Orrery: A Living Map of Space

Designing Trust Into a Living Map of Space

Space exploration is one of humanity’s most fascinating stories, yet most people struggle to understand where missions actually are, how they relate to one another, or even how large our solar system truly is.

Mission information is scattered across agency websites, technical documents, news articles, and educational resources. Existing visualizations often simplify reality to improve readability, but in doing so can blur the line between illustration and fact.

I wanted to create a product that could answer a simple question:

“Where is every spacecraft we’ve sent beyond Earth, right now?”

The result became Orrery, an interactive 3D atlas of the solar system that visualizes every active and historical deep-space mission using source-verified data.

The Design Challenge

The biggest challenge was balancing accuracy with comprehension.

A scientifically accurate solar system is difficult to explore. Distances are so vast that planets become tiny points separated by enormous empty spaces. Spacecraft are effectively invisible.

At the same time, educational products depend on trust. If users cannot tell which information is factual, estimated, or simplified, the experience quickly loses credibility.

The core design problem became:

How might we make the scale of space understandable without sacrificing scientific integrity?

Understanding User Needs

Through research into educational tools, astronomy resources, and science communication platforms, three primary user groups emerged:

Curious Explorers

People who want to browse, discover missions, and learn interesting facts without needing technical knowledge.

Students & Educators

Users looking for a visual learning aid that provides context, history, and reliable sourcing.

Enthusiasts & Researchers

People who want deeper mission details, source material, timelines, and accurate positional data.

The experience needed to support all three audiences without overwhelming beginners or limiting advanced users.

Key Product Decisions

Making Scale Understandable

Rather than forcing users into a single visualization mode, I designed multiple scale views.

Users can switch between educationally compressed views that make the solar system explorable and scientifically accurate scale modes that reveal the true distances involved.

Most importantly, the interface clearly communicates which mode is active so users always understand when distances have been adjusted for readability.

This transformed scale from a limitation into a learning opportunity.

Designing for Trust

One of the product’s guiding principles is:

Never present information that cannot be sourced.

Every mission detail is tied to supporting references and categorized by confidence level.

Information is labeled as:

  • Multi-source verified
  • Single-source verified
  • Estimated

When reliable information cannot be found, the field remains empty rather than displaying assumptions or generated values.

This approach intentionally favors transparency over completeness and helps users understand the quality of the information they’re viewing.

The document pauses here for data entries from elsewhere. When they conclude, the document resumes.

(* Let $\gamma$ be the geodesic with $\gamma(0)=1$ and $\dot\gamma(0)=z_0+x_0\in\mathfrak z\oplus\mathfrak v$, let $J=J_{z_0}$ and $x'(t)=e^{tJ}x_0$. A (smooth) vector field along $\gamma$ of the form $Y(t)=z(t)+e^{tJ}v(t)$, with $z(t)\in\mathfrak z$ and $v(t)\in\mathfrak v$ for each $t$, is a Jacobi field if and only if there is a constant $\zeta\in\mathfrak z$ such that for all $t$ $$\dot z(t)-[e^{tJ}v(t),x'(t)]=\zeta,\qquad e^{tJ}\ddot v(t)+e^{tJ}J\dot v(t)-J_\zeta x'(t)=0.$$
   Context: Let $N$ be a connected, simply connected, 2-step nilpotent real Lie group with Lie algebra $\mathfrak n$ and center $\mathfrak z$. Let $\langle\,,\rangle$ be an inner product on $\mathfrak n$, meaning a nondegenerate symmetric bilinear form (possibly indefinite); the same symbol denotes the induced left-invariant pseudo-Riemannian metric on $N$, with Levi-Civita connection $\nabla$. Assume the restriction of $\langle\,,\rangle$ to $\mathfrak z$ is nondegenerate and put $\mathfrak v=\mathfrak z^\perp$, so $\mathfrak n=\mathfrak z\oplus\mathfrak v$ orthogonally. For $z\in\mathfrak z$ define $J_z:\mathfrak v\to\mathfrak v$ by $\langle J_zx,y\rangle=\langle z,[x,y]\rangle$ for all $y\in\mathfrak v$; $J_z$ is skew-adjoint. All tangent spaces of $N$ are identified with $\mathfrak n=T_1N$ via left translation, so vector fields along a curve are $\mathfrak n$-valued functions; with this identification the geodesic $\gamma$ with $\gamma(0)=1$, $\dot\gamma(0)=z_0+x_0$ ($z_0\in\mathfrak z$, $x_0\in\mathfrak v$) satisfies $\dot\gamma(t)=z_0+e^{tJ_{z_0}}x_0$. A Jacobi field along $\gamma$ is a vector field $Y$ along $\gamma$ with $\nabla_{\dot\gamma}\nabla_{\dot\gamma}Y+R(Y,\dot\gamma)\dot\gamma=0$, where $R(X,Y)=\nabla_X\nabla_Y-\nabla_Y\nabla_X-\nabla_{[X,Y]}$ (equivalently, the variation fields of geodesic variations of $\gamma$). *)

From HB Require Import structures.
From mathcomp Require Import all_boot all_order all_algebra.
From mathcomp Require Import all_classical all_reals all_analysis.
Set Implicit Arguments. Unset Strict Implicit. Unset Printing Implicit Defensive.
Import Order.TTheory GRing.Theory Num.Theory.
Import numFieldNormedType.Exports.
Local Open Scope ring_scope.
Local Open Scope classical_set_scope.

(* The Lie algebra n is modelled as 'rV[R]_n; linear maps act on the right
   (x |-> x *m A). *)

Section Defs.
Variables (R : realType) (n : nat).
Notation V := 'rV[R]_n.

Definition ip (G : 'M[R]_n) (x y : V) : R := (x *m G *m y^T) 0 0.

(* hypotheses on the bracket: bilinear (linear in 1st arg + skew),
   2-step nilpotent, not abelian *)
Definition two_step_nilpotent (br : V -> V -> V) : Prop :=
  [/\ (forall (a : R) (x y w : V), br (a *: x + y) w = a *: br x w + br y w),
      (forall x y : V, br x y = - br y x),
      (forall x y w : V, br (br x y) w = 0) &
      (exists x y : V, br x y != 0)].

Definition ncenter (br : V -> V -> V) (z : V) : Prop := forall x : V, br z x = 0.

Definition vpart (G : 'M[R]_n) (br : V -> V -> V) (x : V) : Prop :=
  forall z : V, ncenter br z -> ip G z x = 0.

Definition inner_product (G : 'M[R]_n) : Prop := G^T = G /\ G \in unitmx.

Definition center_nondeg (G : 'M[R]_n) (br : V -> V -> V) : Prop :=
  forall z : V, ncenter br z -> (forall w : V, ncenter br w -> ip G z w = 0) -> z = 0.

(* Jm z is a matrix whose action on v is J_z : v -> v, i.e.
   J_z x in v and <J_z x, y> = <z,[x,y]> for all y in v (for z in the ncenter).
   Its action on the ncenter is irrelevant and left unconstrained. *)
Definition is_J (G : 'M[R]_n) (br : V -> V -> V) (Jm : V -> 'M[R]_n) : Prop :=
  forall z : V, ncenter br z -> forall x : V, vpart G br x ->
    vpart G br (x *m Jm z) /\
    (forall y : V, vpart G br y -> ip G (x *m Jm z) y = ip G z (br x y)).

(* Levi-Civita connection on left-invariant fields (Koszul formula):
   <nabla_X Y, Z> = 1/2 (<[X,Y],Z> - <[Y,Z],X> + <[Z,X],Y>) *)
Definition koszul (G : 'M[R]_n) (br : V -> V -> V) (X Y Z : V) : R :=
  2^-1 * (ip G (br X Y) Z - ip G (br Y Z) X + ip G (br Z X) Y).

Definition nabla (G : 'M[R]_n) (br : V -> V -> V) (X Y : V) : V :=
  (\row_j koszul G br X Y (delta_mx 0 j)) *m invmx G.

Definition curv (G : 'M[R]_n) (br : V -> V -> V) (X Y Z : V) : V :=
  nabla G br X (nabla G br Y Z) - nabla G br Y (nabla G br X Z)
  - nabla G br (br X Y) Z.

(* covariant derivative along a curve with velocity c (in the
   left-invariant trivialisation): D Y = Y' + nabla_{c} Y *)
Definition covD (G : 'M[R]_n) (br : V -> V -> V) (c Y : R -> V) (t : R) : V :=
  derive1 Y t + nabla G br (c t) (Y t).

Definition is_jacobi (G : 'M[R]_n) (br : V -> V -> V) (c Y : R -> V) : Prop :=
  forall t : R, covD G br c (covD G br c Y) t + curv G br (Y t) (c t) (c t) = 0.

Definition mexp (A : 'M[R]_n) : 'M[R]_n :=
  limn (series (fun k : nat => (k`!%:R)^-1 *: A ^+ k)).

Definition smooth (f : R -> V) : Prop :=
  forall (k : nat) (t : R), derivable (derive1n k f) t 1.

End Defs.

(* By the Koszul formula, for a, b central and p, q in v the Levi-Civita connection is
   nabla_(a+p) (b+q) = 1/2 [p, q] - 1/2 J_a q - 1/2 J_b p.  Along the geodesic,
   whose velocity is z0 + x'(t) with x'' = J x', differentiate Y = z + e^(tJ) v using
   d/dt e^(tJ) = e^(tJ) J and expand nabla nabla Y + R(Y, gamma') gamma' with this
   formula: its z-component is the derivative of zeta(t) = z' - [e^(tJ) v, x'] and its
   v-component is e^(tJ) v'' + e^(tJ) J v' - J_zeta(t) x'.  As z and v meet only in 0,
   Y is a Jacobi field iff both components vanish, i.e. iff zeta is a constant zeta
   and the second equation holds with J_zeta. *)

From HB Require Import structures.
From mathcomp Require Import all_boot all_order all_algebra.
From mathcomp Require Import all_classical all_reals all_analysis.
From mathcomp Require Import ring lra.
Import Order.TTheory GRing.Theory Num.Theory.
Import numFieldNormedType.Exports.
Set Implicit Arguments. Unset Strict Implicit. Unset Printing Implicit Defensive.
Local Open Scope classical_set_scope.
Local Open Scope ring_scope.

Section MatrixCalculus.
Variable R : realType.

Lemma is_derive_entry m n (f : R -> 'M[R]_(m, n)) (t : R) df i j :
  is_derive t 1 f df -> is_derive t 1 (fun s => f s i j) (df i j).
Proof.
move=> [f_der <-]; have /derivable_mxP /(_ i j) fij_der := f_der.
by apply: DeriveDef => //; rewrite derive_mx // mxE.
Qed.

Lemma is_derive_scale_const m n (h : R -> R) (C : 'M[R]_(m, n)) (t : R) dh :
  is_derive t 1 h dh -> is_derive t 1 (fun s => h s *: C) (dh *: C).
Proof.
move=> h_der.
have hC_der i j : is_derive t 1 (fun s => (h s *: C) i j) ((dh *: C) i j).
  rewrite mxE; under eq_fun do rewrite mxE.
  have := @is_deriveM R R h (cst (C i j)) t 1 dh 0 h_der (is_derive_cst _ _ _).
  by move=> hC; apply: is_derive_eq hC _; rewrite /= scaler0 add0r mulrC.
have der : derivable (fun s => h s *: C) t 1.
  by apply/derivable_mxP => i j; case: (hC_der i j).
apply: DeriveDef => //; rewrite derive_mx //; apply/matrixP => i j.
by rewrite mxE; case: (hC_der i j).
Qed.

Lemma is_derive_const_zero m n (c : 'M[R]_(m, n)) (t : R) :
  is_derive t 1 (fun _ : R => c) 0.
Proof. exact: is_derive_cst. Qed.

Lemma is_deriveD_fun m n (f g : R -> 'M[R]_(m, n)) (t : R) df dg :
  is_derive t 1 f df -> is_derive t 1 g dg ->
  is_derive t 1 (fun s => f s + g s) (df + dg).
Proof. exact: is_deriveD. Qed.

Lemma is_deriveB_fun m n (f g : R -> 'M[R]_(m, n)) (t : R) df dg :
  is_derive t 1 f df -> is_derive t 1 g dg ->
  is_derive t 1 (fun s => f s - g s) (df - dg).
Proof. exact: is_deriveB. Qed.

Lemma is_derive_unique (W : normedModType R) (f g : R -> W) (t : R) df dg :
  is_derive t 1 f df -> is_derive t 1 g dg -> f = g -> df = dg.
Proof. by move=> [_ <-] [_ <-] ->. Qed.

Lemma derive0_constant m n (f : R -> 'M[R]_(m, n)) :
  (forall t : R, is_derive t 1 f 0) -> forall t, f t = f 0.
Proof.
move=> f'0 t; apply/matrixP => i j.
have fij'0 (s : R) : is_derive s 1 (fun s => f s i j) 0.
  by have := is_derive_entry i j (f'0 s); rewrite mxE.
have fij_const (a b : R) : a < b -> f a i j = f b i j.
  move=> ab; have cont : {within `[a, b], continuous (fun s => f s i j)}.
    by apply: derivable_within_continuous => x _; case: (fij'0 x).
  have [c _] := MVT ab (fun x _ => fij'0 x) cont.
  by rewrite mul0r => /eqP; rewrite subr_eq0 => /eqP.
by case: (ltgtP t 0) => [/fij_const | /fij_const ->|->].
Qed.

Section Bilinear.
Variables (m1 n1 m2 n2 m3 n3 : nat).
Variable b : 'M[R]_(m1, n1) -> 'M[R]_(m2, n2) -> 'M[R]_(m3, n3).
Hypothesis b_linl : forall a x x' y, b (a *: x + x') y = a *: b x y + b x' y.
Hypothesis b_linr : forall a x y y', b x (a *: y + y') = a *: b x y + b x y'.

Lemma bilin0l y : b 0 y = 0.
Proof.
have := b_linl 1 0 0 y; rewrite !scale1r addr0 => /eqP.
by rewrite addrC -subr_eq subrr eq_sym => /eqP.
Qed.

Lemma bilin0r x : b x 0 = 0.
Proof.
have := b_linr 1 x 0 0; rewrite !scale1r addr0 => /eqP.
by rewrite addrC -subr_eq subrr eq_sym => /eqP.
Qed.

Lemma bilin_expand x y : b x y = \sum_(i < m1) \sum_(j < n1) \sum_(k < m2) \sum_(l < n2)
  (x i j * y k l) *: b (delta_mx i j) (delta_mx k l).
Proof.
have b_suml I (r : seq I) (F : I -> _) y' : b (\sum_(i <- r) F i) y' = \sum_(i <- r) b (F i) y'.
  apply: (big_morph (b^~ y')) => [x1 x2|]; last exact: bilin0l.
  by have := b_linl 1 x1 x2 y'; rewrite !scale1r.
have b_sumr I (r : seq I) x' (F : I -> _) : b x' (\sum_(i <- r) F i) = \sum_(i <- r) b x' (F i).
  apply: (big_morph (b x')) => [y1 y2|]; last exact: bilin0r.
  by have := b_linr 1 x' y1 y2; rewrite !scale1r.
rewrite {1}(matrix_sum_delta x) b_suml; apply: eq_bigr => i _.
rewrite b_suml; apply: eq_bigr => j _.
rewrite -[_ *: delta_mx i j]addr0 b_linl bilin0l addr0.
rewrite {1}(matrix_sum_delta y) b_sumr scaler_sumr; apply: eq_bigr => k _.
rewrite b_sumr scaler_sumr; apply: eq_bigr => l _.
by rewrite -[_ *: delta_mx k l]addr0 b_linr bilin0r addr0 scalerA.
Qed.

Lemma is_derive_bilin (f : R -> 'M[R]_(m1, n1)) (g : R -> 'M[R]_(m2, n2)) (t : R) df dg :
  is_derive t 1 f df -> is_derive t 1 g dg ->
  is_derive t 1 (fun s => b (f s) (g s)) (b df (g t) + b (f t) dg).
Proof.
move=> f_der g_der.
have is_derive_sum_ord p (h : 'I_p -> R -> 'M[R]_(m3, n3)) dh :
    (forall i, is_derive t 1 (h i) (dh i)) ->
    is_derive t 1 (fun s => \sum_(i < p) h i s) (\sum_(i < p) dh i).
  by move=> h_der; rewrite -[fun s => _]fct_sumE; exact: is_derive_sum.
under eq_fun do rewrite bilin_expand.
rewrite (bilin_expand df) (bilin_expand (f t)) -big_split; apply: (is_derive_sum_ord) => i.
rewrite -big_split; apply: (is_derive_sum_ord) => j.
rewrite -big_split; apply: (is_derive_sum_ord) => k.
rewrite -big_split; apply: (is_derive_sum_ord) => l.
have := @is_deriveM R R (fun s => f s i j) (fun s => g s k l) t 1 _ _
  (is_derive_entry i j f_der) (is_derive_entry k l g_der).
move=> /(is_derive_scale_const (b (delta_mx i j) (delta_mx k l))) H.
apply: is_derive_eq H _.
by rewrite /= -scalerDl; congr (_ *: _); rewrite /GRing.scale /=; ring.
Qed.

End Bilinear.

Lemma mulmx_linl m p q (a : R) (x x' : 'M[R]_(m, p)) (y : 'M[R]_(p, q)) :
  (a *: x + x') *m y = a *: (x *m y) + x' *m y.
Proof. by rewrite mulmxDl scalemxAl. Qed.

Lemma mulmx_linr m p q (a : R) (x : 'M[R]_(m, p)) (y y' : 'M[R]_(p, q)) :
  x *m (a *: y + y') = a *: (x *m y) + x *m y'.
Proof. by rewrite mulmxDr scalemxAr. Qed.

Lemma is_derive_mulmx m p q (f : R -> 'M[R]_(m, p)) (g : R -> 'M[R]_(p, q)) (t : R) df dg :
  is_derive t 1 f df -> is_derive t 1 g dg ->
  is_derive t 1 (fun s => f s *m g s) (df *m g t + f t *m dg).
Proof. exact: (is_derive_bilin (@mulmx_linl m p q) (@mulmx_linr m p q)). Qed.

End MatrixCalculus.

Section Limits.
Variable R : realType.

Lemma cvg_mx_entries m n (u : nat -> 'M[R]_(m, n)) (L : 'M[R]_(m, n)) :
  (forall i j, (fun N => u N i j) @ \oo --> L i j) -> u @ \oo --> L.
Proof.
move=> uL; apply/cvgrPdist_le => /= e e0; near=> N.
rewrite /Num.Def.normr/= mx_normrE (bigmax_le _ (ltW e0))//= => ij _.
rewrite !mxE/=; move: ij; near: N; apply: filter_forall => /= ij.
exact: ((cvgrPdist_le _ _).1 (uL ij.1 ij.2)).
Unshelve. all: by end_near. Qed.

Lemma cvg_mulmx_entry p m n q (A : 'M[R]_(p, m)) (B : 'M[R]_(n, q))
    (u : nat -> 'M[R]_(m, n)) L i j :
  u @ \oo --> L -> (fun N => (A *m u N *m B) i j) @ \oo --> (A *m L *m B) i j.
Proof.
move=> uL.
have entryE (M : 'M[R]_(m, n)) :
    (A *m M *m B) i j = \sum_(l < n) \sum_(k < m) A i k * M k l * B l j.
  by rewrite mxE; apply: eq_bigr => l _; rewrite mxE mulr_suml.
under eq_fun do rewrite entryE.
rewrite entryE; apply: cvg_big => [|l _]; first exact: add_continuous.
apply: cvg_big => [|k _]; first exact: add_continuous.
apply: cvgMr_tmp; apply: cvgMl_tmp.
apply: (@continuous_cvg _ _ _ _ _ u (fun M : 'M[R]_(m, n) => M k l)) => //.
exact: coord_continuous.
Qed.
(* Let $A$ be a Noetherian commutative ring with identity, let $A[\mathbf{x}]=A[x_1,\ldots,x_n]$ be equipped with a monomial order, let $I\subset A[\mathbf{x}]$ be an ideal, let $X=\mathrm{Spec}(A/(I\cap A))$ and $Y=\mathrm{Spec}(A[\mathbf{x}]/I)$. If $I\cap A$ is a prime ideal and each coefficient ideal $\mathrm{in}(I)_{x_i}\neq I\cap A$ ($i=1,\ldots,n$), then the morphism of schemes $Y\to X$ induced by $A/(I\cap A)\to A[\mathbf{x}]/I$ is an isomorphism over a nonempty open subset of $X$.
   Context: A monomial order $>$ is a total order on monomials such that $\mathbf{x}^E>\mathbf{x}^F$ implies $\mathbf{x}^G\mathbf{x}^E>\mathbf{x}^G\mathbf{x}^F$, and $x_i>1$ for each $i$. $\mathrm{in}(f)$ is the greatest term $c\,\mathbf{x}^E$ ($c\neq0$) of a nonzero polynomial $f$; $\mathrm{in}(I)$ is the ideal generated by all $\mathrm{in}(f)$, $f\in I$. For an ideal $J\subset A[\mathbf{x}]$ and monomial $\mathbf{x}^E$, the coefficient ideal is $J_{\mathbf{x}^E}=(c\in A\mid c\,\mathbf{x}^E\in J)\subset A$; $J_{x_i}$ is the coefficient ideal for the monomial $x_i$. *)

From HB Require Import structures.
From mathcomp Require Import all_boot all_order all_algebra.
From mathcomp Require Import mpoly.
Set Implicit Arguments. Unset Strict Implicit. Unset Printing Implicit Defensive.
Import Order.TTheory GRing.Theory.
Local Open Scope ring_scope.

Definition is_ideal (R : comNzRingType) (I : R -> Prop) : Prop :=
  [/\ I 0,
      (forall x y, I x -> I y -> I (x + y)) &
      (forall r x, I x -> I (r * x))].

Definition is_prime_ideal (R : comNzRingType) (P : R -> Prop) : Prop :=
  [/\ is_ideal P, ~ P 1 &
      (forall a b, P (a * b) -> P a \/ P b)].

Definition ideal_gen (R : comNzRingType) (S : R -> Prop) : R -> Prop :=
  fun x => exists (k : nat) (r s : 'I_k -> R),
    (forall i, S (s i)) /\ x = \sum_(i < k) r i * s i.

Definition noetherian (R : comNzRingType) : Prop :=
  forall I : R -> Prop, is_ideal I ->
    exists s : seq R, forall x, I x <-> ideal_gen (fun y => y \in s) x.

Definition monomial_order (n : nat) (le : rel 'X_{1..n}) : Prop :=
  (forall E, le E E) /\
  [/\ (forall E F, le E F -> le F E -> E = F),
      (forall E F G, le E F -> le F G -> le E G),
      (forall E F, le E F || le F E),
      (forall E F G, le F E -> E != F -> le (G + F)%MM (G + E)%MM && ((G + E)%MM != (G + F)%MM)) &
      (forall i : 'I_n, le 0%MM (mnm1 i) && ((mnm1 i) != 0%MM))].

Definition initial_term (A : comNzRingType) (n : nat) (le : rel 'X_{1..n})
    (f t : {mpoly A[n]}) : Prop :=
  f != 0 /\ exists E, [/\ E \in msupp f,
      (forall F, F \in msupp f -> le F E) & t = f@_E *: 'X_[E]].

Definition initial_ideal (A : comNzRingType) (n : nat) (le : rel 'X_{1..n})
    (I : {mpoly A[n]} -> Prop) : {mpoly A[n]} -> Prop :=
  ideal_gen (fun t => exists f, I f /\ initial_term le f t).

Definition coeff_ideal (A : comNzRingType) (n : nat) (J : {mpoly A[n]} -> Prop)
    (E : 'X_{1..n}) : A -> Prop :=
  fun c => J (c *: 'X_[E]).

Definition contraction (A : comNzRingType) (n : nat) (I : {mpoly A[n]} -> Prop) :
  A -> Prop := fun a => I a%:MP.

(* Y = Spec(A[x]/I) -> X = Spec(A/P), P = I \cap A, is an isomorphism over the
   basic open D(f) of X, i.e. the induced ring map
     (A/P)_f --> (A[x]/I)_f
   is bijective. Written out elementwise:
   - injective: a/f^k maps to 0 iff f^m a in I for some m; then a/f^k = 0 in
     (A/P)_f, i.e. f^m' a in P for some m';
   - surjective: every g/f^j is the image of some a/f^k, i.e.
     f^m (f^k g - f^j a) in I for some m. *)
Definition iso_over_basic_open (A : comNzRingType) (n : nat)
    (I : {mpoly A[n]} -> Prop) (f : A) : Prop :=
  (forall a : A, (exists m : nat, I (f ^+ m * a)%:MP) ->
                 exists m : nat, contraction I (f ^+ m * a)) /\
  (forall (g : {mpoly A[n]}) (j : nat), exists (a : A) (k m : nat),
       I ((f ^+ m)%:MP * ((f ^+ k) *: g - (f ^+ j * a)%:MP))).

From HB Require Import structures.
From mathcomp Require Import all_boot all_order all_algebra.
From mathcomp Require Import mpoly.
From mathcomp Require Import ring.
From Stdlib Require Import Classical.
Set Implicit Arguments. Unset Strict Implicit. Unset Printing Implicit Defensive.
Import Order.TTheory GRing.Theory.
Local Open Scope ring_scope.

(* Let P = I ∩ A.  Always P ⊆ in(I)_{x_i}, so the hypothesis yields c ∉ P
   with c x_i ∈ in(I).  Reading off the x_i-coefficient of c x_i from a
   presentation by initial terms, only initial terms of degree <= 1 can
   contribute, so some g_i ∈ I with all monomials <= x_i has x_i-coefficient
   d_i ∉ P.  Then f = ∏ d_i ∉ P since P is prime.  Over D(f), the relation
   g_i = d_i x_i + (a polynomial in variables smaller than x_i) shows, by
   induction along the order of the variables, that every x_i agrees modulo I
   with an element of A_f; so (A/P)_f -> (A[x]/I)_f is onto, and it is
   injective because P = I ∩ A. *)

Lemma finrel_wf_ind (T : finType) (r : rel T) (Q : T -> Prop) :
  irreflexive r -> transitive r ->
  (forall i, (forall j, r j i -> Q j) -> Q i) -> forall i, Q i.
Proof.
move=> irr_r tr_r IH i.
have lt_card j k : r j k -> (#|[set l | r l j]| < #|[set l | r l k]|)%N.
  move=> rjk; apply: proper_card; apply/properP; split.
    by apply/subsetP => l; rewrite !inE => rlj; apply: tr_r rlj rjk.
  by exists j; rewrite !inE ?rjk ?irr_r.
move: {2}#|[set k | r k i]| (leqnn #|[set k | r k i]|) => N.
elim: N i => [|N IHN] i leN; apply: IH => j /lt_card lt_ji.
  by have := leq_trans lt_ji leN.
by apply: IHN; rewrite -ltnS; apply: leq_trans lt_ji leN.
Qed.

Section Ideals.
Variables (R : comNzRingType) (I : R -> Prop).
Hypothesis idealI : is_ideal I.

Lemma ideal0 : I 0. Proof. by case: idealI. Qed.

Lemma idealD x y : I x -> I y -> I (x + y).
Proof. by case: idealI => _ + _; apply. Qed.

Lemma idealMl r x : I x -> I (r * x).
Proof. by case: idealI => _ _; apply. Qed.

Lemma idealMr r x : I x -> I (x * r).
Proof. by rewrite mulrC; apply: idealMl. Qed.

Lemma idealB x y : I x -> I y -> I (x - y).
Proof. by move=> Ix Iy; apply: idealD => //; rewrite -mulN1r; apply: idealMl. Qed.

End Ideals.

Lemma prime_ideal_prodN (R : comNzRingType) (P : R -> Prop) (T : finType)
    (a : T -> R) :
  is_prime_ideal P -> (forall i, ~ P (a i)) -> ~ P (\prod_i a i).
Proof.
case=> _ P1 Pmul Na; apply: (big_ind (fun x => ~ P x)) => // x y Nx Ny.
by case/Pmul.
Qed.

Lemma contraction_ideal (A : comNzRingType) n (I : {mpoly A[n]} -> Prop) :
  is_ideal I -> is_ideal (contraction I).
Proof.
move=> idealI; split=> [|x y|r x]; rewrite /contraction.
- by rewrite rmorph0; apply: ideal0.
- by rewrite rmorphD; apply: idealD.
- by rewrite rmorphM; apply: idealMl.
Qed.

Time as an Exploration Tool

Most educational experiences treat time as a static timestamp.

I wanted users to experience the movement of exploration itself.

Using NASA/JPL ephemeris data, spacecraft and planetary positions can be viewed across different points in history. A timeline allows users to move through decades of exploration, watch missions launch, travel, arrive at destinations, and transition through their operational lifecycles.

Instead of reading history, users can navigate through it.

Supporting Different Levels of Expertise

A common challenge in educational products is presenting information that works for both beginners and experts.

To solve this, mission content is progressively layered:

  • Beginner — high-level summaries and key takeaways
  • Student — additional context and educational details
  • Advanced — deeper technical information and mission specifics

This allows the same experience to scale with a user’s curiosity rather than forcing separate interfaces for different audiences.

Accessibility Considerations

Accessibility was treated as a core design requirement rather than a post-launch enhancement.

Key considerations included:

  • Full keyboard navigation
  • Visible focus states
  • Reduced-motion support
  • High-contrast-friendly interfaces
  • Screen-reader-accessible content
  • Text alternatives for visual assets

Although the solar system visualization is rendered in canvas, mission information remains available through semantic HTML so critical content is accessible to assistive technologies.

Outcome

The final product is a browser-based interactive atlas of deep-space exploration that currently tracks 188 source-verified missions beyond Earth.

Users can explore planets, spacecraft, historical missions, and active missions through a single experience while understanding exactly where information comes from and how trustworthy it is.

More importantly, the project demonstrates a design approach centered on:

  • Complex information architecture
  • Data transparency
  • Educational UX
  • Progressive disclosure
  • Trust-centered product design
  • Balancing scientific accuracy with usability

Orrery continues to evolve as new missions launch and additional data sources become available, serving as both a learning platform and an exploration of how thoughtful UX can make complex subjects more approachable without oversimplifying them.